Фастольф слегка коснулся плеча Бейли и показал рукой:

- Пойдёмте вон туда. Посмотрите! - И он указал на широкую лужайку, видневшуюся в просвете между двумя деревьями.

В первый раз Бейли ощутил протяженность пространства, различил у горизонта какое-то жилище - низкое, широкое и такого зеленого цвета, что оно почти сливалось с окружающим пейзажем.

- Это жилой район, - объяснил Фастольф. - Возможно, вам, привыкшему к гигантским ульям Земли, он таким не кажется, но тем не менее мы находимся в аврорианском городе Эос, административном центре планеты. В нём живёт двадцать тысяч человек - и это самый крупный населённый пункт не только на Авроре, но и на всех космомирах. Численность населения Эоса равна численности населения всей Солярии, - с гордостью закончил Фастольф.

- А роботов сколько, доктор Фастольф?

- В этом районе? Около ста тысяч. В целом на планете на каждого человека в среднем приходится пятьдесят роботов, а не десять тысяч, как на Солярии. Большая часть наших роботов занята на наших фермах, наших рудниках и в космосе. Собственно говоря, у нас всё время ощущается нехватка роботов, особенно домашних. Большинству аврорианцев приходится обходиться двумя-тремя, а некоторым так даже одним. Однако мы не намерены идти путем Солярии.

- А у какого числа аврорианцев вообще нет домашних роботов?

- Таких нет. Это не в интересах общества. Если бы мужчина или женщина по той или иной причине не могли оплатить робота, ему или ей был бы предоставлен робот, оплачиваемый из общественных средств.

- Что произойдёт с ростом населения? Вы добавите роботов?

Фастольф покачал головой:

- Численность населения не увеличивается. Население Авроры равно двумстам миллионам, и цифра эта остаётся стабильной уже триста лет. Число это наиболее оптимально. Но, конечно же, вы читали об этом в фильмокнигах?

- Да, - подтвердил Бейли, - но мне не верилось.

- Уверяю вас, это правда. Таким образом, у каждого из нас есть достаточно земли, достаточно пространства, достаточно возможностей уединиться и достаточная доля мировых ресурсов. Ни избытка населения, как на Земле, ни недостатка его, как на Солярии.

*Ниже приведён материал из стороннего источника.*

(* Let $p\ge 1$, $N\ge 1$, let $x_1,\dots,x_N\in\mathbb{R}^p$ be arbitrary, and let $w_1,\dots,w_N>0$ be fixed weights. Let $f:\mathbb{R}^p\to[0,1]$ be PDD. Define the blurring mean-shift iteration by $x_i^{(0)}=x_i$ and $$x_i^{(t+1)}=\frac{\sum_{j=1}^N f(x_i^{(t)}-x_j^{(t)})\,w_j\,x_j^{(t)}}{\sum_{j=1}^N f(x_i^{(t)}-x_j^{(t)})\,w_j},\qquad i=1,\dots,N,\ t\ge 0.$$ Then there exist points $x_1^*,\dots,x_N^*\in\mathbb{R}^p$ such that $\lim_{t\to\infty}x_i^{(t)}=x_i^*$ for every $i=1,\dots,N$.
   Context: A function $f:\mathbb{R}^p\to[0,1]$ is called PDD (positive and decreasing with respect to distance) if: (i) $0\le f(u)\le 1$ for all $u$, and $f(u)=1$ if and only if $u=0$; (ii) $f(u)$ depends only on $\|u\|$, i.e. $f(u)=\varphi(\|u\|)$ for some function $\varphi:[0,\infty)\to[0,1]$; (iii) $\varphi$ is decreasing (non-increasing) in $\|u\|$. The denominators in the iteration are positive since $f(0)=1$ and $w_i>0$. *)

From Stdlib Require Import Reals.
Open Scope R_scope.

(* A point of R^p is represented as a function nat -> R; only the
   coordinates 0..p-1 are meaningful. *)
Definition vec := nat -> R.

Fixpoint sumN (n : nat) (g : nat -> R) : R :=
  match n with
  | O => 0
  | S m => sumN m g + g m
  end.

Definition vsub (u v : vec) : vec := fun k => u k - v k.

Definition norm (p : nat) (u : vec) : R := sqrt (sumN p (fun k => u k ^ 2)).

Definition is_zero (p : nat) (u : vec) : Prop := forall k, (k < p)%nat -> u k = 0.

Definition PDD (p : nat) (f : vec -> R) : Prop :=
  (forall u, 0 <= f u <= 1) /\
  (forall u, f u = 1 <-> is_zero p u) /\
  exists phi : R -> R,
    (forall u, f u = phi (norm p u)) /\
    (forall a b, 0 <= a -> a <= b -> phi b <= phi a).

Definition bms_step (N : nat) (f : vec -> R) (w : nat -> R) (X : nat -> vec)
  : nat -> vec :=
  fun i k =>
    sumN N (fun j => f (vsub (X i) (X j)) * w j * X j k) /
    sumN N (fun j => f (vsub (X i) (X j)) * w j).

Fixpoint bms (N : nat) (f : vec -> R) (w : nat -> R) (x : nat -> vec) (t : nat)
  : nat -> vec :=
  match t with
  | O => x
  | S t' => bms_step N f w (bms N f w x t')
  end.

(* Fix a coordinate k.  One step replaces y_i = x_i[k] by sum_j A_ij y_j with
   A_ij = f(x_i - x_j) w_j / D_i, where D_i normalizes row i.  Since f(0) = 1,
   0 <= f <= 1 and f is symmetric, A is row stochastic, its diagonal is at
   least c = lo / W (lo a lower bound of the weights, W their sum), and it is
   cut-balanced: A_ij <= K A_ji with K = (W / lo)^2, uniformly in time.

   For averaging dynamics with these properties, the potential
   Phi(y) = sum_k b^k y_(k), where y_(0) >= y_(1) >= ... is the sorted profile,
   is bounded below and drops at every step by at least d |y_i(t+1) - y_i(t)|
   for suitable b, d > 0.  Summation by parts reduces this to one estimate for
   each threshold M, comparing the flows out of and into the M largest values
   (cut_estimate).  Each coordinate therefore has bounded total variation and
   converges, and coordinatewise convergence is convergence in R^p. *)

From Stdlib Require Import Reals Lra Lia ClassicalEpsilon.
Open Scope R_scope.

Lemma sumN_ext (n : nat) (g h : nat -> R) :
  (forall k, (k < n)%nat -> g k = h k) -> sumN n g = sumN n h.
Proof.
  induction n as [|n IH]; intros Hgh; simpl; [reflexivity|].
  rewrite IH by (intros; apply Hgh; lia).
  rewrite Hgh by lia; reflexivity.
Qed.

Lemma sumN_ge0 (n : nat) (g : nat -> R) :
  (forall k, (k < n)%nat -> 0 <= g k) -> 0 <= sumN n g.
Proof.
  induction n as [|n IH]; intros Hg; simpl; [lra|].
  assert (0 <= sumN n g) by (apply IH; intros; apply Hg; lia).
  assert (0 <= g n) by (apply Hg; lia).
  lra.
Qed.

Lemma sumN_le (n : nat) (g : nat -> R) (e : R) :
  (forall k, (k < n)%nat -> g k <= e) -> sumN n g <= INR n * e.
Proof.
  induction n as [|n IH]; intros Hg; simpl sumN; [simpl; lra|].
  rewrite S_INR.
  assert (sumN n g <= INR n * e) by (apply IH; intros; apply Hg; lia).
  assert (g n <= e) by (apply Hg; lia).
  lra.
Qed.

Lemma cv_of_bounded_variation (u : nat -> R) (B : R) :
  (forall T, sumN T (fun t => Rabs (u (S t) - u t)) <= B) -> exists l, Un_cv u l.
Proof.
  intros HB.
  set (V := fun T => sumN T (fun t => Rabs (u (S t) - u t))).
  assert (V_cauchy : Cauchy_crit V).
  { apply CV_Cauchy, growing_cv.
    - intro T; unfold V; simpl; pose proof (Rabs_pos (u (S T) - u T)); lra.
    - exists B; intros v [T ->]; apply HB. }
  assert (incr_le : forall m k, Rabs (u (m + k)%nat - u m) <= V (m + k)%nat - V m).
  { intros m k; induction k as [|k IH].
    - rewrite Nat.add_0_r, Rminus_diag, Rabs_R0; lra.
    - replace (m + S k)%nat with (S (m + k)) by lia.
      unfold V at 1; simpl sumN; fold (V (m + k)%nat).
      pose proof (Rabs_triang (u (S (m + k)) - u (m + k)%nat) (u (m + k)%nat - u m)) as Htr.
      replace (u (S (m + k)) - u (m + k)%nat + (u (m + k)%nat - u m))
        with (u (S (m + k)) - u m) in Htr by ring.
      lra. }
  assert (u_cauchy : Cauchy_crit u).
  { intros eps Heps; destruct (V_cauchy eps Heps) as [T HT]; exists T.
    assert (ordered : forall a c, (T <= a)%nat -> (a <= c)%nat -> Rabs (u c - u a) < eps).
    { intros a c Ha Hac.
      pose proof (HT (a + (c - a))%nat a ltac:(lia) Ha) as HV; unfold Rdist in HV.
      pose proof (incr_le a (c - a)%nat).
      pose proof (Rle_abs (V (a + (c - a))%nat - V a)).
      replace c with (a + (c - a))%nat by lia; lra. }
    intros m m' Hm Hm'; unfold Rdist.
    destruct (Nat.le_ge_cases m m').
    - rewrite Rabs_minus_sym; apply ordered; lia.
    - apply ordered; lia. }
  destruct (R_complete u u_cauchy) as [l Hl]; exists l; exact Hl.
Qed.
From HB Require Import structures.
From mathcomp Require Import all_boot all_order all_algebra.
From mathcomp Require Import zify.
From Stdlib Require Import ClassicalEpsilon.
Set Implicit Arguments. Unset Strict Implicit. Unset Printing Implicit Defensive.
Import GRing.Theory.
Local Open Scope ring_scope.

(** The polynomial part [pi_+] is additive with kernel the strictly proper
    functions, the constant term of [pi_+ (s^-k f)] is the [k]-th coefficient
    of [pi_+ f], and [rho^D x = rho^D y] exactly when [D^-1 (x - y)] is strictly
    proper.  Hence [N_2^nu B_2 xi = rho (s^-nu Q_2 xi)] and, [P_2] being proper,
    [C_2] of it is minus the constant term of [pi_+ (s^-nu P_2 D_2^-1 Q_2 xi)],
    which differs from [s^-nu G xi] by the strictly proper [s^-nu W_2 xi].
    [N_2] is nilpotent because [D_2^-1 = adj D_2 / det D_2] and [s^-k adj D_2]
    is strictly proper as soon as [k] bounds the sizes of the entries of
    [adj D_2].  Both sides of the sum identity vanish beyond [t] and beyond the
    nilpotency index, so it follows from the coefficientwise one. *)

Lemma frac_numden (R : idomainType) (x : {fraction R}) :
  exists a b, b != 0 /\ x = tofrac a / tofrac b.
Proof.
move: x; apply: (@quotW _ (FracField.type R)) => r.
exists \n_r, \d_r; split; first exact: denom_ratioP.
have d0 : tofrac \d_r != 0 :> {fraction R} by rewrite tofrac_eq0 denom_ratioP.
apply: (canRL (mulfK d0)); unlock tofrac; rewrite !piE.
apply/eqmodP; rewrite /= FracField.equivfE /FracField.mulf /=.
by rewrite !numden_Ratio ?(oner_eq0, mulf_neq0, denom_ratioP) // !mulr1 mulrC.
Qed.

Section FractionSizes.
Variables (R : idomainType) (a b c d : {poly R}) (k : nat).

Lemma size_fracD : b != 0 -> d != 0 ->
  (size a + k <= size b)%N -> (size c + k <= size d)%N ->
  (size (a * d + c * b)%R + k <= size (b * d)%R)%N.
Proof.
move=> b0 d0; rewrite (size_mul b0 d0); rewrite -!size_poly_gt0 in b0 d0.
move: (size_polyD (a * d) (c * b)) (size_polyMleq a d) (size_polyMleq c b).
(* [lia] does not treat these [size] terms as atoms unless they are named. *)
set x := size (a * d + c * b)%R; set y := size (a * d)%R; set z := size (c * b)%R.
lia.
Qed.

Lemma size_fracM : b != 0 -> d != 0 ->
  (size a <= size b)%N -> (size c + k <= size d)%N ->
  (size (a * c)%R + k <= size (b * d)%R)%N.
Proof.
move=> b0 d0; rewrite (size_mul b0 d0); rewrite -!size_poly_gt0 in b0 d0.
move: (size_polyMleq a c); set x := size (a * c)%R; lia.
Qed.
End FractionSizes.

Section ProperFractions.
Variable K : fieldType.
Implicit Types (f g : RF K) (a b c d r : {poly K}).
Local Notation tof := (@tof K).
Local Notation sF := (sF K).
Local Notation properf := (@properf K).
Local Notation sproperf := (@sproperf K).

Lemma tof_eq0 a : (tof a == 0) = (a == 0).
Proof. exact: tofrac_eq0. Qed.

Lemma tof_inj : injective tof.
Proof. by move=> a b /eqP; rewrite /tof tofrac_eq => /eqP. Qed.

Lemma tof_divD a b c d : b != 0 -> d != 0 ->
  tof a / tof b + tof c / tof d = tof (a * d + c * b) / tof (b * d).
Proof. by move=> b0 d0; rewrite addf_div ?tof_eq0 // /tof rmorphD !rmorphM. Qed.

Lemma tof_divM a b c d :
  tof a / tof b * (tof c / tof d) = tof (a * c) / tof (b * d).
Proof. by rewrite mulf_div /tof !rmorphM. Qed.

Lemma sproperf_properf f : sproperf f -> properf f.
Proof. by case=> a [b [b0 [ab ->]]]; exists a, b; do 2?split=> //; apply: ltnW. Qed.

Lemma sproperf0 : sproperf 0.
Proof. by exists 0, 1; rewrite oner_eq0 size_poly0 size_poly1 /tof rmorph0 mul0r. Qed.

Lemma properfC (c : K) : properf (tof c%:P).
Proof.
exists c%:P, 1; rewrite oner_eq0 size_poly1 size_polyC /tof rmorph1 divr1.
by case: (c != 0).
Qed.

Lemma properfD f g : properf f -> properf g -> properf (f + g).
Proof.
move=> [a [b [b0 [ab ->]]]] [c [d [d0 [cd ->]]]].
exists (a * d + c * b), (b * d); rewrite mulf_neq0 // tof_divD //.
by do 2?split=> //; move: (@size_fracD _ a b c d 0); rewrite !addn0; apply.
Qed.

Lemma sproperfD f g : sproperf f -> sproperf g -> sproperf (f + g).
Proof.
move=> [a [b [b0 [ab ->]]]] [c [d [d0 [cd ->]]]].
exists (a * d + c * b), (b * d); rewrite mulf_neq0 // tof_divD //.
by do 2?split=> //; move: (@size_fracD _ a b c d 1); rewrite !addn1; apply.
Qed.

Lemma sproperfN f : sproperf f -> sproperf (- f).
Proof.
case=> a [b [b0 [ab ->]]]; exists (- a), b.
by rewrite size_polyN /tof rmorphN mulNr.
Qed.

Lemma sproperfB f g : sproperf f -> sproperf g -> sproperf (f - g).
Proof. by move=> sf sg; apply/sproperfD/sproperfN. Qed.
(* Let $\{\alpha_k\}_{k=0}^n$ be arbitrary nonzero real numbers with $n\ge1$. Then there exist $b>0$, $\zeta\in\mathbb{R}$, and a $\sigma\in\Sigma_{1,b}$ such that $(\zeta,\{(\alpha_k,1,k)\}_{k=0}^n)$ is an affine symmetry of $\sigma$.
   Context: For $a,b>0$, $\Sigma_{a,b}$ is the class of meromorphic functions on $\mathbb{C}$ of the form $\sigma(z)=C+\sum_{k\in\mathbb{Z}}c_k[\mathrm{sgn}(k)+\tanh(\pi b^{-1}(z-ka))]$ with $C\in\mathbb{C}$, $\{c_k\}\subset\mathbb{C}$, $\sup_k|c_k|e^{-\pi a'|k|/b}<\infty$ for some $a'\in(0,a)$, at least one $c_k\ne0$, and $\mathrm{sgn}(0)=0$. An affine symmetry of $\sigma$ (viewed as a function on $\mathbb{R}$) is $(\zeta,\{(\alpha_s,\beta_s,\gamma_s)\}_{s\in\mathcal{I}})$ with $\mathcal{I}$ nonempty finite, real entries, such that $\sum_s\alpha_s\sigma(\beta_st+\gamma_s)=\zeta$ for all $t\in\mathbb{R}$, and there is no proper subset $\mathcal{I}'\subsetneq\mathcal{I}$ for which $\{\sigma(\beta_s\cdot+\gamma_s):s\in\mathcal{I}'\}\cup\{\mathbf1\}$ is linearly dependent as functions $\mathbb{R}\to\mathbb{C}$. *)

From Stdlib Require Import Reals ZArith Lra.
From Coquelicot Require Import Coquelicot.
Open Scope R_scope.

Definition sgnZ (k : Z) : R := IZR (Z.sgn k).

(* Sum over Z: both halves (k >= 0 and k < 0) converge, with total l.
   (Under the growth condition of Sigma_{a,b} the series converges absolutely,
   so this is the unambiguous value of sum_{k in Z}.) *)
Definition is_zsum (u : Z -> C) (l : C) : Prop :=
  exists l1 l2 : C,
    is_series (fun n : nat => u (Z.of_nat n)) l1 /\
    is_series (fun n : nat => u (- Z.of_nat (S n))%Z) l2 /\
    l = Cplus l1 l2.

Definition sigma_term (a b : R) (c : Z -> C) (t : R) (k : Z) : C :=
  Cmult (c k) (RtoC (sgnZ k + tanh (PI / b * (t - IZR k * a)))).

Definition in_Sigma (a b : R) (sigma : R -> C) : Prop :=
  0 < a /\ 0 < b /\
  exists (C0 : C) (c : Z -> C),
    (exists a' : R, 0 < a' < a /\
       exists M : R, forall k : Z,
         Cmod (c k) * exp (- PI * a' * IZR (Z.abs k) / b) <= M) /\
    (exists k : Z, c k <> RtoC 0) /\
    (forall t : R, exists l : C,
        is_zsum (sigma_term a b c t) l /\ sigma t = Cplus C0 l).

Fixpoint csum (f : nat -> C) (m : nat) : C :=
  match m with
  | O => RtoC 0
  | S m' => Cplus (csum f m') (f m')
  end.

(* The family {fs s : s in P} (P a subset of {0,..,m-1}) together with the
   constant function 1 is linearly dependent over C, as functions R -> C. *)
Definition lin_dep_with_one (m : nat) (P : nat -> Prop) (fs : nat -> R -> C) : Prop :=
  exists (lam : nat -> C) (mu : C),
    (forall s, ~ P s -> lam s = RtoC 0) /\
    (mu <> RtoC 0 \/ exists s, (s < m)%nat /\ P s /\ lam s <> RtoC 0) /\
    (forall t : R, Cplus mu (csum (fun s => Cmult (lam s) (fs s t)) m) = RtoC 0).

Definition affine_symmetry (sigma : R -> C) (zeta : R) (m : nat)
    (alpha beta gamma : nat -> R) : Prop :=
  (0 < m)%nat /\
  (forall t : R,
      csum (fun s => Cmult (RtoC (alpha s)) (sigma (beta s * t + gamma s))) m
      = RtoC zeta) /\
  ~ (exists P : nat -> Prop,
        (forall s, P s -> (s < m)%nat) /\
        (exists s, (s < m)%nat /\ ~ P s) /\
        lin_dep_with_one m P (fun s t => sigma (beta s * t + gamma s))).

From Stdlib Require Import Reals ZArith Lra Lia.
From Coquelicot Require Import Coquelicot.
Open Scope R_scope.

(* Solve the recurrence sum_j alpha_j c_(k+j) = 0 on all of Z (possible because alpha_0 and
   alpha_n are nonzero), starting from the window c_0 = 1, c_1 = ... = c_(n-1) = 0, and put
   sigma(t) = sum_k c_k [sgn k + tanh (tau (t - k))].  Reindexing k -> k + s in
   sum_s alpha_s sigma(t + s), the tanh parts are multiplied by sum_s alpha_s c_(k+s) = 0, so
   only a constant survives.  For minimality, a relation mu + sum_s lambda_s sigma(t + s) = 0
   may be normalised to lambda_n = 0.  Taking differences across [j - 1/2, j + 1/2] gives
   sum_k d_k psi(k - j) = 0 for d_k = sum_s lambda_s c_(k+s), where psi is the increment of
   one tanh over a unit interval; once tau is large compared to the exponential growth of c,
   psi is so concentrated at 0 that this forces d = 0, and the initial window then makes
   lambda = 0 by a triangular argument. *)

Definition is_zseries (u : Z -> R) (l : R) : Prop :=
  exists l1 l2 : R,
    is_series (fun n : nat => u (Z.of_nat n)) l1 /\
    is_series (fun n : nat => u (- Z.of_nat (S n))%Z) l2 /\ l = l1 + l2.

Definition zseries (u : Z -> R) : R :=
  Series (fun n : nat => u (Z.of_nat n)) + Series (fun n : nat => u (- Z.of_nat (S n))%Z).

Lemma is_zseries_unique u l : is_zseries u l -> zseries u = l.
Proof.
  intros (l1 & l2 & H1 & H2 & ->). unfold zseries.
  now rewrite (is_series_unique _ _ H1), (is_series_unique _ _ H2).
Qed.

Lemma is_zseries_ext u v l : (forall k, u k = v k) -> is_zseries u l -> is_zseries v l.
Proof.
  intros E (l1 & l2 & H1 & H2 & ->). exists l1, l2.
  split; [|split]; auto; eapply is_series_ext; eauto; intros; apply E.
Qed.

Lemma is_zseries_plus u v lu lv :
  is_zseries u lu -> is_zseries v lv -> is_zseries (fun k => u k + v k) (lu + lv).
Proof.
  intros (a1 & a2 & Ha1 & Ha2 & ->) (b1 & b2 & Hb1 & Hb2 & ->).
  exists (a1 + b1), (a2 + b2). split; [|split].
  - exact (is_series_plus _ _ _ _ Ha1 Hb1).
  - exact (is_series_plus _ _ _ _ Ha2 Hb2).
  - ring.
Qed.

Lemma is_zseries_scal a u l : is_zseries u l -> is_zseries (fun k => a * u k) (a * l).
Proof.
  intros (l1 & l2 & H1 & H2 & ->). exists (a * l1), (a * l2). split; [|split].
  - exact (is_series_scal_l (V := R_NormedModule) a _ _ H1).
  - exact (is_series_scal_l (V := R_NormedModule) a _ _ H2).
  - ring.
Qed.

Lemma is_zseries_minus u v lu lv :
  is_zseries u lu -> is_zseries v lv -> is_zseries (fun k => u k - v k) (lu - lv).
Proof.
  intros Hu Hv. apply (is_zseries_ext (fun k => u k + -1 * v k)); [intros; ring|].
  replace (lu - lv) with (lu + -1 * lv) by ring.
  now apply is_zseries_plus, is_zseries_scal.
Qed.

Lemma is_zseries_sum (N : nat) (a : nat -> R) (u : nat -> Z -> R) (l : nat -> R) :
  (forall s, (s <= N)%nat -> is_zseries (u s) (l s)) ->
  is_zseries (fun k => sum_f_R0 (fun s => a s * u s k) N) (sum_f_R0 (fun s => a s * l s) N).
Proof.
  induction N as [|N IH]; intros H; simpl.
  - apply is_zseries_scal, H; lia.
  - apply is_zseries_plus; [apply IH; intros; apply H; lia | apply is_zseries_scal, H; lia].
Qed.

Lemma is_zseries_succ u l : is_zseries u l -> is_zseries (fun k => u (k + 1)%Z) l.
Proof.
  intros (l1 & l2 & H1 & H2 & ->). exists (l1 - u 0%Z), (l2 + u 0%Z). split; [|split].
  - eapply is_series_ext; [|apply (is_series_incr_1 (fun n => u (Z.of_nat n)))].
    + intros m. cbv beta. f_equal. lia.
    + match goal with |- is_series _ ?L => replace L with l1 by (cbn; ring) end.
      exact H1.
  - apply (is_series_decr_1 (fun n => u (- Z.of_nat (S n) + 1)%Z)).
    match goal with |- is_series _ ?L => replace L with l2 by (cbn; ring) end.
    eapply is_series_ext; [|exact H2].
    intros m. cbv beta. f_equal. lia.
  - ring.
Qed.

Lemma is_zseries_pred u l : is_zseries u l -> is_zseries (fun k => u (k - 1)%Z) l.
Proof.
  intros (l1 & l2 & H1 & H2 & ->). exists (l1 + u (-1)%Z), (l2 - u (-1)%Z). split; [|split].
  - apply (is_series_decr_1 (fun n => u (Z.of_nat n - 1)%Z)).
    match goal with |- is_series _ ?L => replace L with l1 by (cbn; ring) end.
    eapply is_series_ext; [|exact H1].
    intros m. cbv beta. f_equal. lia.
  - eapply is_series_ext; [|apply (is_series_incr_1 (fun n => u (- Z.of_nat (S n))%Z))].
    + intros m. cbv beta. f_equal. lia.
    + match goal with |- is_series _ ?L => replace L with l2 by (cbn; ring) end.
      exact H2.
  - ring.
Qed.
Lemma norm_seq_s i m : `|s i m| = 1.
Proof.
by rewrite /seq_s /seq_a normrM h_norm ?ltn_pmod // normrX norm_omega expr1n mulr1.
Qed.

Lemma af_ratioXK tau v k : af_ratio tau v k ^+ K = 1.
Proof. by rewrite exprnP exprzAC -exprnP prim_expr_order ?omega_prim // exp1rz. Qed.

Lemma af_ratio_eq1 tau v k :
  (af_ratio tau v k == 1) = (K%:Z %| fquad_diff N a2 a1 tau k + v)%Z.
Proof. exact/prim_expz_eq1/omega_prim. Qed.

Lemma aperAF_summand_mulnDl i j tau v t k : (k < N)%N ->
  s i (t * N + k) * (s j (t * N + k + tau))^* * omega R (N * K) ^ (v * (t * N + k)%N%:Z)
  = s i k * (s j (k + tau))^* * omega R (N * K) ^ (v * k%:Z) * af_ratio tau v k ^+ t.
Proof.
move=> k_lt; have w1 := norm_omega R K; have w0 : wK != 0 by exact: norm1_neq0.
rewrite -addnA !seq_s_mulnDl (modn_small k_lt) rmorphM /= !exprnP conjCXz_norm1 //.
have -> : omega R (N * K) ^ (v * (t * N + k)%N%:Z) =
          omega R (N * K) ^ (v * k%:Z) * wK ^ (v * t%:Z).
  rewrite -(omega_mulnX R N K N_gt0 K_gt0) exprnP exprz_exp.
  rewrite -expfzDr ?norm1_neq0 ?norm_omega //.
  by congr (_ ^ _); rewrite PoszD PoszM; ring.
rewrite /af_ratio exprz_exp /fquad_diff.
rewrite (_ : (_ - _ + v) * t%:Z = (t * fquad N a2 a1 k)%N%:Z
               + - (t * fquad N a2 a1 ((k + tau) %% N))%N%:Z + v * t%:Z).
  by rewrite !expfzDr // (mulrACA (s i k)) [LHS]mulrACA.
by rewrite !PoszM; ring.
Qed.

Lemma aperAF_seq_s_nat i j (tau : nat) v : (tau < N)%N ->
  aperAF R (N * K) (s i) (s j) tau v =
  \sum_(0 <= k < N) s i k * (s j (k + tau))^* * omega R (N * K) ^ (v * k%:Z) *
    \sum_(0 <= t < K - (N <= k + tau)) af_ratio tau v k ^+ t.
Proof.
move=> tau_lt; rewrite aperAF_nat; last by rewrite (leq_trans tau_lt) // leq_pmulr.
rewrite sum_nat_mul_shift; last exact: ltnW.
apply: eq_big_nat => k /andP[_ k_lt].
by rewrite big_distrr; apply: eq_bigr => t _; apply: aperAF_summand_mulnDl.
Qed.

Lemma norm_aperAF_seq_s_le i j (tau : nat) v : (tau < N)%N ->
  `|aperAF R (N * K) (s i) (s j) tau v| <=
  \sum_(0 <= k < N) ((if af_ratio tau v k == 1 then K%:R else 0) + (N <= k + tau)%:R).
Proof.
move=> tau_lt; rewrite aperAF_seq_s_nat //.
apply: le_trans (ler_norm_sum _ _ _) _; rewrite !big_nat; apply: ler_sum => k _.
rewrite normrM normrM normrM norm_conjC !norm_seq_s normXz_norm1 ?norm_omega // !mul1r.
apply: norm_sum_expr_root1_le; last exact: af_ratioXK.
exact: normXz_norm1 (norm_omega R K).
Qed.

Он взял Бейли под руку, чтобы они могли идти дальше.

- Вы видите перед собой, - продолжал Фастольф, - одомашненный мир. Я пригласил вас сюда, чтобы показать его вам, мистер Бейли.

- И в нём нет ничего опасного?

- Какая-то опасность присутствует всегда, мистер Бейли. У нас есть ураганы, горные оползни, землетрясения, лавины, бураны, парочка вулканов… Несчастные случаи со смертельным исходом также полностью исключить нельзя. И остаются страсти злобных и завистливых людей, глупости умственно незрелых, безумие недальновидных. Однако всё это второстепенные беды, и они не слишком влияют на цивилизованное спокойствие, царящее в нашем мире.

Фастольф, казалось, задумался над своими словами, а потом сказал со вздохом:

- Я не могу желать, чтобы он был иным, но у меня есть некоторые "но". Мы привезли на Аврору только те растения и тех животных, которых считали полезными или декоративными или объединяющими эти два качества. Мы приложили все силы, чтобы уничтожить то, что расценивали как сорняки, как вредных животных или паразитов. Или просто не отвечающих стандартам. Мы отобрали сильных, здоровых, привлекательных людей - разумеется, с нашей собственной точки зрения. Мы пытались… Вы, по-моему, улыбаетесь, мистер Бейли.

Но Бейли не улыбался. Просто у него скривились губы.

- Нет, нет, - сказал он. - Чему тут улыбаться?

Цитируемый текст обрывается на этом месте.